DA DISPENSA DE COMPARECIMENTO A AUDIÊNCIA INICIAL - Com lastro na RECOMENDAÇÃO do TST , encontrada na Recomendação nº 2/CGJT, de 23 de julho de 2013, que dipõe sobre a dispensabilidade de designação de audiência inicial aos processos em que a Fazenda Pública for parte, REQUERER , o Ente Público, A DISPENSA DE COMPARECIMENTO DA AUDIÊNCIA INAUGURAL, declarando e afirmando NESTE ATO a DESNECESSIDADE DE INTIMAÇÃO DOS ATOS PRATICADOS NA ASSENTADA , inclusive acerca da ciência da data designada para a audiência em prosseguimento ou de julgamento, a qual comparecerá, independente de intimação.

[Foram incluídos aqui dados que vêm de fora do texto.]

(* Let $\mathcal{M}$ be a Ptolemy Möbius structure on a set $X$. Then there exists a bounded metric $d\in\mathcal{M}$, i.e. $d\in\mathcal{M}$ with $\Omega(d)=\emptyset$ and $\sup_{x,y\in X}d(x,y)<\infty$.
   Context: An extended metric on a set $X$ (with at least two points) is a map $d:X\times X\to[0,\infty]$ such that for some subset $\Omega(d)\subset X$ with at most one element, $d$ is a finite metric on $X\setminus\Omega(d)$, $d(x,\omega)=\infty$ for $x\notin\Omega(d)$, $\omega\in\Omega(d)$, and $d(\omega,\omega)=0$ ($\omega$ is written $\infty$). A quadruple is admissible if no entry occurs three or four times. $\mathrm{crt}(x,y,z,w)=(d(x,y)d(z,w):d(x,z)d(y,w):d(x,w)d(y,z))\in\mathbb{R}P^2$, with $\mathrm{crt}(x,y,z,\infty)=(d(x,y):d(x,z):d(y,z))$ and $\mathrm{crt}(x,y,\infty,\infty)=(0:1:1)$ (analogously for other positions). Extended metrics are Möbius equivalent if they have the same $\mathrm{crt}$ on all admissible quadruples; a Möbius structure is a nonempty, maximal set of pairwise Möbius equivalent extended metrics on $X$. A Möbius structure is Ptolemy if its metrics satisfy $d(x,y)d(z,w)\le d(x,z)d(y,w)+d(x,w)d(y,z)$ for all quadruples (equivalently the entries of every $\mathrm{crt}$ satisfy the triangle inequality). *)

From Stdlib Require Import Reals.
Open Scope R_scope.

(* A value in [0, oo]: [Some r] is the finite value r, [None] is oo. *)
Definition ext := option R.

Section MoebiusDefs.
Variable X : Type.

Definition ext_metric (d : X -> X -> ext) : Prop :=
  exists Omega : X -> Prop,
    (forall a b, Omega a -> Omega b -> a = b) /\
    (forall x y, ~ Omega x -> ~ Omega y ->
       exists r, d x y = Some r /\ 0 <= r) /\
    (forall x y r, ~ Omega x -> ~ Omega y -> d x y = Some r -> (r = 0 <-> x = y)) /\
    (forall x y, ~ Omega x -> ~ Omega y -> d x y = d y x) /\
    (forall x y z rxy ryz rxz, ~ Omega x -> ~ Omega y -> ~ Omega z ->
       d x y = Some rxy -> d y z = Some ryz -> d x z = Some rxz ->
       rxz <= rxy + ryz) /\
    (forall x w, ~ Omega x -> Omega w -> d x w = None /\ d w x = None) /\
    (forall w, Omega w -> d w w = Some 0).

(* Bookkeeping for products of extended distances: a product is r * oo^k. *)
Definition inf_ord (v : ext) : nat := match v with None => 1%nat | Some _ => 0%nat end.
Definition fin_part (v : ext) : R := match v with None => 1 | Some r => r end.

(* Normalized representative of the projective triple obtained from the three
   products a,b,c by dividing by the highest power of oo occurring. *)
Definition normalize3 (ka kb kc : nat) (a b c : R) : R * R * R :=
  let K := Nat.max ka (Nat.max kb kc) in
  ((if Nat.eqb ka K then a else 0),
   (if Nat.eqb kb K then b else 0),
   (if Nat.eqb kc K then c else 0)).

(* crt(x,y,z,w) = (d(x,y)d(z,w) : d(x,z)d(y,w) : d(x,w)d(y,z)), with the
   conventions for oo (these reproduce crt(x,y,z,oo) = (d(x,y):d(x,z):d(y,z))
   and crt(x,y,oo,oo) = (0:1:1), etc.). *)
Definition crt_rep (d : X -> X -> ext) (x y z w : X) : R * R * R :=
  normalize3
    (inf_ord (d x y) + inf_ord (d z w))
    (inf_ord (d x z) + inf_ord (d y w))
    (inf_ord (d x w) + inf_ord (d y z))
    (fin_part (d x y) * fin_part (d z w))
    (fin_part (d x z) * fin_part (d y w))
    (fin_part (d x w) * fin_part (d y z)).

Definition proj_eq (p q : R * R * R) : Prop :=
  match p, q with
  | (a, b, c), (a', b', c') => exists l, l <> 0 /\ a' = l * a /\ b' = l * b /\ c' = l * c
  end.

Definition admissible (x y z w : X) : Prop :=
  ~ (x = y /\ y = z) /\ ~ (x = y /\ y = w) /\ ~ (x = z /\ z = w) /\ ~ (y = z /\ z = w).

Definition moebius_equiv (d1 d2 : X -> X -> ext) : Prop :=
  forall x y z w, admissible x y z w -> proj_eq (crt_rep d1 x y z w) (crt_rep d2 x y z w).

Definition moebius_structure (M : (X -> X -> ext) -> Prop) : Prop :=
  (exists d, M d) /\
  (forall d, M d -> ext_metric d) /\
  (forall d1 d2, M d1 -> M d2 -> moebius_equiv d1 d2) /\
  (forall d, ext_metric d -> (forall d', M d' -> moebius_equiv d d') -> M d).

Definition ptolemy_metric (d : X -> X -> ext) : Prop :=
  forall x y z w, admissible x y z w ->
    match crt_rep d x y z w with
    | (a, b, c) => a <= b + c /\ b <= a + c /\ c <= a + b
    end.

Definition ptolemy_structure (M : (X -> X -> ext) -> Prop) : Prop :=
  moebius_structure M /\ forall d, M d -> ptolemy_metric d.

End MoebiusDefs.

(* Fix a point o at finite distance and rescale conformally:
   d'(u,v) = d(u,v) / (w(u) w(v)) with w(u) = 1 + d(u,o), reading d(u,oo) as 1
   and w(oo) as 1.  Such a rescaling multiplies all three entries of every
   cross-ratio triple by the same factor, so d' is Moebius equivalent to d, and
   the point at infinity becomes a point at finite distance.  Clearing
   denominators, the triangle inequality for d' at finite points reads
     d(x,z) (1 + d(y,o)) <= d(x,y) (1 + d(z,o)) + d(y,z) (1 + d(x,o)),
   the sum of a triangle inequality and a Ptolemy inequality.  Finally
   d'(u,o) <= 1 for all u, so d' is bounded by 2. *)

From Stdlib Require Import Reals Lra Classical.
Open Scope R_scope.

Lemma proj_eq_trans p q s : proj_eq p q -> proj_eq q s -> proj_eq p s.
Proof.
  destruct p as [[a b] c], q as [[a' b'] c'], s as [[a'' b''] c''].
  intros (l & Hl & -> & -> & ->) (m & Hm & -> & -> & ->).
  exists (m * l); repeat split; try ring.
  intros Hml; apply Rmult_integral in Hml; tauto.
Qed.

Section BoundedRepresentative.

Variables (X : Type) (d : X -> X -> ext) (Om : X -> Prop).

Hypotheses
  (Om_unique : forall a b, Om a -> Om b -> a = b)
  (d_fin : forall x y, ~ Om x -> ~ Om y -> exists r, d x y = Some r /\ 0 <= r)
  (d_eq0 : forall x y r, ~ Om x -> ~ Om y -> d x y = Some r -> (r = 0 <-> x = y))
  (d_sym : forall x y, ~ Om x -> ~ Om y -> d x y = d y x)
  (d_tri : forall x y z rxy ryz rxz, ~ Om x -> ~ Om y -> ~ Om z ->
     d x y = Some rxy -> d y z = Some ryz -> d x z = Some rxz -> rxz <= rxy + ryz)
  (d_inf : forall x w, ~ Om x -> Om w -> d x w = None /\ d w x = None)
  (d_Om : forall w, Om w -> d w w = Some 0).

Local Notation D u v := (fin_part (d u v)).

Lemma d_inf_inf u v : Om u -> Om v -> d u v = Some 0.
Proof. intros Hu Hv; rewrite (Om_unique u v Hu Hv); apply d_Om; exact Hv. Qed.

Ltac eval_d_inf :=
  repeat match goal with
  | Hu : Om ?u, Hv : Om ?v |- context [d ?u ?v] => rewrite (d_inf_inf u v Hu Hv)
  | Hu : ~ Om ?u, Hv : Om ?v |- context [d ?u ?v] => rewrite (proj1 (d_inf u v Hu Hv))
  | Hu : Om ?u, Hv : ~ Om ?v |- context [d ?u ?v] => rewrite (proj2 (d_inf v u Hv Hu))
  end.

Ltac eval_d :=
  eval_d_inf;
  repeat match goal with
  | Hu : ~ Om ?u, Hv : ~ Om ?v |- context [d ?u ?v] =>
      let r := fresh "r" in let Hr := fresh "Hr" in
      destruct (d_fin u v Hu Hv) as (r & -> & Hr)
  end.

Ltac case_Om x Hx := destruct (classic (Om x)) as [Hx | Hx].

Lemma D_nonneg u v : 0 <= D u v.
Proof. case_Om u Hu; case_Om v Hv; eval_d; simpl; lra. Qed.

Lemma D_sym u v : D u v = D v u.
Proof.
  case_Om u Hu; case_Om v Hv; try (rewrite d_sym by assumption; reflexivity); eval_d; reflexivity.
Qed.

Lemma D_eq0 u v : D u v = 0 <-> u = v.
Proof.
  case_Om u Hu; case_Om v Hv.
  - eval_d; simpl; split; [intros _; apply Om_unique | reflexivity]; assumption.
  - eval_d; simpl; split; [lra | intros ->; contradiction].
  - eval_d; simpl; split; [lra | intros ->; contradiction].
  - destruct (d_fin u v) as (r & Hr & _); try assumption.
    rewrite Hr; apply (d_eq0 u v); assumption.
Qed.

Lemma D_refl u : D u u = 0.
Proof. apply D_eq0; reflexivity. Qed.

(* Entries whose order of infinity is not maximal involve d(oo,oo) = 0, so
   discarding them in [normalize3] changes nothing. *)
Lemma crt_rep_fin x y z w :
  crt_rep X d x y z w = (D x y * D z w, D x z * D y w, D x w * D y z).
Proof.
  unfold crt_rep, normalize3.
  case_Om x Hx; case_Om y Hy; case_Om z Hz; case_Om w Hw; eval_d; simpl; repeat f_equal; ring.
Qed.

Lemma D_triangle x y z : ~ Om x -> ~ Om y -> ~ Om z -> D x z <= D x y + D y z.
Proof.
  intros Hx Hy Hz.
  destruct (d_fin x y) as (a & Ha & _), (d_fin y z) as (b & Hb & _),
    (d_fin x z) as (c & Hc & _); try assumption.
  rewrite Ha, Hb, Hc; exact (d_tri x y z a b c Hx Hy Hz Ha Hb Hc).
Qed.

Hypothesis d_ptolemy : ptolemy_metric X d.

Lemma D_ptolemy x y z w : D x y * D z w <= D x z * D y w + D x w * D y z.
Proof.
  assert (Hnn : 0 <= D x z * D y w + D x w * D y z).
  { pose proof (D_nonneg x z); pose proof (D_nonneg y w).
    pose proof (D_nonneg x w); pose proof (D_nonneg y z).
    apply Rplus_le_le_0_compat; apply Rmult_le_pos; assumption. }
  destruct (classic (admissible X x y z w)) as [Hadm | Hadm].
  - pose proof (d_ptolemy x y z w Hadm) as Hp; rewrite crt_rep_fin in Hp; tauto.
  - (* three coinciding points force a factor d(u,u) on the left *)
    unfold admissible in Hadm.
    destruct (classic (x = y)) as [<- | Hxy]; [rewrite D_refl; lra |].
    destruct (classic (z = w)) as [<- | Hzw]; [rewrite D_refl; lra |].
    exfalso; apply Hadm; repeat split; intros [? ?]; congruence.
Qed.

Variables (o : X) (o_fin : ~ Om o).

Definition weight u := match d u o with Some r => 1 + r | None => 1 end.

Lemma weight_fin u : ~ Om u -> weight u = 1 + D u o.
Proof. intros Hu; unfold weight; destruct (d_fin u o Hu o_fin) as (r & -> & _); reflexivity. Qed.

Lemma weight_inf u : Om u -> weight u = 1.
Proof. intros Hu; unfold weight; rewrite (proj2 (d_inf o u o_fin Hu)); reflexivity. Qed.

Ltac eval_weight :=
  repeat match goal with
  | Hu : Om ?u |- context [weight ?u] => rewrite (weight_inf u Hu)
  | Hu : ~ Om ?u |- context [weight ?u] => rewrite (weight_fin u Hu)
  end.

Lemma D_le_weight u : D u o <= weight u.
Proof. case_Om u Hu; eval_weight; eval_d_inf; simpl; lra. Qed.

Lemma weight_ge1 u : 1 <= weight u.
Proof. pose proof (D_nonneg u o); case_Om u Hu; eval_weight; lra. Qed.

(* Choosing weight 1 rather than 2 = 1 + d(oo,o) at the point at infinity is
   what makes the case y = oo work. *)
Lemma weighted_triangle x y z :
  D x z * weight y <= D x y * weight z + D y z * weight x.
Proof.
  case_Om x Hx; case_Om y Hy; case_Om z Hz; eval_weight; eval_d_inf; simpl fin_part.
  - lra.
  - lra.
  - lra.
  - pose proof (D_triangle y z o Hy Hz o_fin); lra.
  - lra.
  - pose proof (D_triangle x o z Hx o_fin Hz) as Ht; rewrite (D_sym o z) in Ht.
    pose proof (D_nonneg x z); lra.
  - pose proof (D_triangle y x o Hy Hx o_fin) as Ht; rewrite (D_sym y x) in Ht; lra.
  - pose proof (D_triangle x y z Hx Hy Hz).
    pose proof (D_ptolemy x z y o) as Hp; rewrite (D_sym z y) in Hp; lra.
Qed.

Definition dist_bnd u v := D u v / (weight u * weight v).

Lemma dist_bnd_triangle x y z : dist_bnd x z <= dist_bnd x y + dist_bnd y z.
Proof.
  unfold dist_bnd.
  pose proof (weight_ge1 x); pose proof (weight_ge1 y); pose proof (weight_ge1 z).
  pose proof (weighted_triangle x y z).
  apply Rmult_le_reg_r with (weight x * weight y * weight z);
    [repeat apply Rmult_lt_0_compat; lra |].
  replace ((D x y / (weight x * weight y) + D y z / (weight y * weight z))
            * (weight x * weight y * weight z))
    with (D x y * weight z + D y z * weight x) by (field; lra).
  replace (D x z / (weight x * weight z) * (weight x * weight y * weight z))
    with (D x z * weight y) by (field; lra).
  assumption.
Qed.

Lemma dist_bnd_ext_metric : ext_metric X (fun u v => Some (dist_bnd u v)).
Proof.
  assert (Hw : forall u v, 0 < weight u * weight v).
  { intros u v; pose proof (weight_ge1 u); pose proof (weight_ge1 v).
    apply Rmult_lt_0_compat; lra. }
  exists (fun _ => False); unfold dist_bnd.
  split; [intros a b [] |].
  split.
  { intros x y _ _; eexists; split; [reflexivity |].
    apply Rmult_le_pos; [apply D_nonneg | apply Rlt_le, Rinv_0_lt_compat, Hw]. }
  split.
  { intros x y r _ _ [= <-]; rewrite <- D_eq0.
    pose proof (weight_ge1 x); pose proof (weight_ge1 y).
    split; intros Hr.
    - replace (D x y) with (D x y / (weight x * weight y) * (weight x * weight y))
        by (field; split; lra).
      rewrite Hr; ring.
    - rewrite Hr; unfold Rdiv; ring. }
  split; [intros x y _ _; rewrite D_sym, Rmult_comm; reflexivity |].
  split; [intros x y z rxy ryz rxz _ _ _ [= <-] [= <-] [= <-]; apply dist_bnd_triangle |].
  split; intros; contradiction.
Qed.

Lemma dist_bnd_moebius_equiv : moebius_equiv X (fun u v => Some (dist_bnd u v)) d.
Proof.
  intros x y z w _; rewrite crt_rep_fin; cbn; unfold dist_bnd.
  pose proof (weight_ge1 x); pose proof (weight_ge1 y).
  pose proof (weight_ge1 z); pose proof (weight_ge1 w).
  exists (weight x * weight y * weight z * weight w).
  repeat split; [apply Rgt_not_eq; repeat apply Rmult_lt_0_compat; lra
               | field; repeat split; lra ..].
Qed.

Lemma dist_bnd_le2 u v : dist_bnd u v <= 2.
Proof.
  assert (Ho : forall x, dist_bnd x o <= 1).
  { intros x; unfold dist_bnd; rewrite (weight_fin o o_fin), D_refl, Rplus_0_r, Rmult_1_r.
    pose proof (D_le_weight x); pose proof (weight_ge1 x).
    apply Rmult_le_reg_r with (weight x); [lra |].
    field_simplify; lra. }
  pose proof (dist_bnd_triangle u o v); pose proof (Ho u); pose proof (Ho v).
  unfold dist_bnd in *; rewrite (D_sym o v), (Rmult_comm (weight o)) in *; lra.
Qed.

End BoundedRepresentative.

Theorem lemma2p3 (X : Type) (two_pts : exists a b : X, a <> b)
  (M : (X -> X -> ext) -> Prop) (HM : ptolemy_structure X M) :
  exists d : X -> X -> ext,
    M d /\
    (* Omega(d) is empty: all distances are finite *)
    (forall x y : X, exists r : R, d x y = Some r) /\
    (* bounded *)
    (exists B : R, forall (x y : X) (r : R), d x y = Some r -> r <= B).
Proof.
  destruct HM as [[[d Md] [M_ext [M_equiv M_max]]] M_ptolemy].
  pose proof (M_ptolemy d Md) as Hptol.
  destruct (M_ext d Md) as (Om & Hu & Hfin & Heq0 & Hsym & Htri & Hinf & HOm).
  assert (exists o, ~ Om o) as [o Ho].
  { destruct two_pts as (a & b & Hab).
    destruct (classic (Om a)) as [Ha | Ha]; [| now exists a].
    exists b; intros Hb; exact (Hab (Hu a b Ha Hb)). }
  exists (fun u v => Some (dist_bnd X d o u v)); repeat split.
  - apply M_max; [eapply dist_bnd_ext_metric; eassumption |].
    intros d' Md' x y z w Hadm.
    apply proj_eq_trans with (crt_rep X d x y z w).
    + eapply dist_bnd_moebius_equiv; eassumption.
    + exact (M_equiv d d' Md Md' x y z w Hadm).
  - intros x y; eauto.
  - exists 2; intros x y r [= <-]; eapply dist_bnd_le2; eassumption.
Qed.
(* Let $\mathbf{x}\in\mathcal{P}$ and consider the scaled-down notification policy run with ex ante solution $\mathbf{x}$. Under the index-based priority scheme, for every volunteer $v\in[V]$, the expected number of tasks completed by $v$ is at least $\frac{1}{2-q}f_v(\mathbf{x})$, where $f_v(\mathbf{x})=\sum_{t=1}^T\sum_{s=1}^S\lambda_{s,t}\big(\prod_{u<v}(1-p_{u,s}x_{u,s,t})\big)p_{v,s}x_{v,s,t}$ and $q$ is the minimum discrete hazard rate of $g$.
   Context: Online volunteer notification problem. An instance consists of volunteers $[V]$, task types $[S]$, horizon $T$, arrival probabilities $\lambda_{s,t}\ge0$ with $\sum_s\lambda_{s,t}\le1$, match probabilities $p_{v,s}\in[0,1]$, and a probability mass function $g$ on the positive integers with CDF $G(\tau)=\sum_{i\le\tau}g(i)$, $G(0)=0$. In each period $t$ at most one task arrives, of type $s$ with probability $\lambda_{s,t}$, independently across periods. All volunteers start active. Upon an arrival the platform notifies a subset of volunteers; each notified active volunteer $v$ responds positively independently with probability $p_{v,s}$. A volunteer active and notified at time $t$ becomes inactive (regardless of response) and active again at $t+Z$, $Z\sim g$ independent; inactive volunteers ignore notifications and are unaffected by them. Index-based priority scheme: if several notified active volunteers respond positively, the one with smallest index completes the task. MDHR: $q=\min_{\tau\in\mathbb{N}}\frac{g(\tau)}{1-G(\tau-1)}$ (with $\frac00:=1$). $\mathcal{P}$: set of $\mathbf{x}\in\mathbb{R}^{V\times S\times T}$ with $0\le x_{v,s,t}\le1$ and $\sum_{\tau=1}^t\sum_{s}\lambda_{s,\tau}x_{v,s,\tau}(1-G(t-\tau))\le1$ for all $v,t$. SDN policy with ex ante solution $\mathbf{x}$: $\beta_{v,1}=1$, $\beta_{v,t}=1-\sum_{t'=1}^{t-1}\sum_{s=1}^S\lambda_{s,t'}\frac{x_{v,s,t'}}{2-q}(1-G(t-t'))$ for $t\ge2$; when a task of type $s$ arrives at time $t$, each volunteer $v$ is notified independently with probability $\frac{x_{v,s,t}}{(2-q)\beta_{v,t}}$. *)

From HB Require Import structures.
From mathcomp Require Import all_boot all_order all_algebra.
From mathcomp Require Import all_classical all_reals all_analysis.
Set Implicit Arguments. Unset Strict Implicit. Unset Printing Implicit Defensive.
Import Order.TTheory GRing.Theory Num.Theory.
Local Open Scope ring_scope.
Local Open Scope classical_set_scope.

Section Model.
Variable R : realType.

Definition cdf (g : nat -> R) (n : nat) : R := \sum_(1 <= i < n.+1) g i.

Definition is_pmf_pos (g : nat -> R) : Prop :=
  g 0%N = 0 /\ (forall n, 0 <= g n) /\
  ((fun n : nat => \sum_(0 <= k < n) g k) @ \oo --> (1 : R^o)).

(** discrete hazard rate g(tau)/(1-G(tau-1)), with 0/0 := 1 *)
Definition hazard (g : nat -> R) (tau : nat) : R :=
  let d := 1 - cdf g tau.-1 in if d == 0 then 1 else g tau / d.

Definition mdhr (g : nat -> R) : R :=
  inf [set hazard g tau | tau in [set tau : nat | (0 < tau)%N]].

Variables (V S T : nat) (lam : 'I_S -> nat -> R) (p : 'I_V -> 'I_S -> R)
  (g : nat -> R).

(** Periods are 1..T; types are 'I_S; volunteers are 'I_V (index order = priority). *)
Definition valid_instance : Prop :=
  (forall s t, (1 <= t <= T)%N -> 0 <= lam s t) /\
  (forall t, (1 <= t <= T)%N -> \sum_(s < S) lam s t <= 1) /\
  (forall v s, 0 <= p v s <= 1) /\
  is_pmf_pos g.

NO MÉRITO - Neste tópico, demonstra-se a total ausência de responsabilidade do ente público demandado, para, em seguida, contestar cada um dos pedidos lançados na exordial.

DA NATUREZA JURÍDICA DO CONTRATO FIRMADO ENTRE O ESTADO DE PERNAMBUCO E A EMPRESA NomeE CONSERVAÇÃO EIRELI - Conforme pode-se ver no contrato em anexo, o Estado de Pernambuco firmou contrato para REALIZAÇÃO DE OBRAS, COMO INSTALAÇÃO ELÉTRICA, SERVIÇOS DE PINTURAS ENTRE OUTROS com a primeira Reclamada.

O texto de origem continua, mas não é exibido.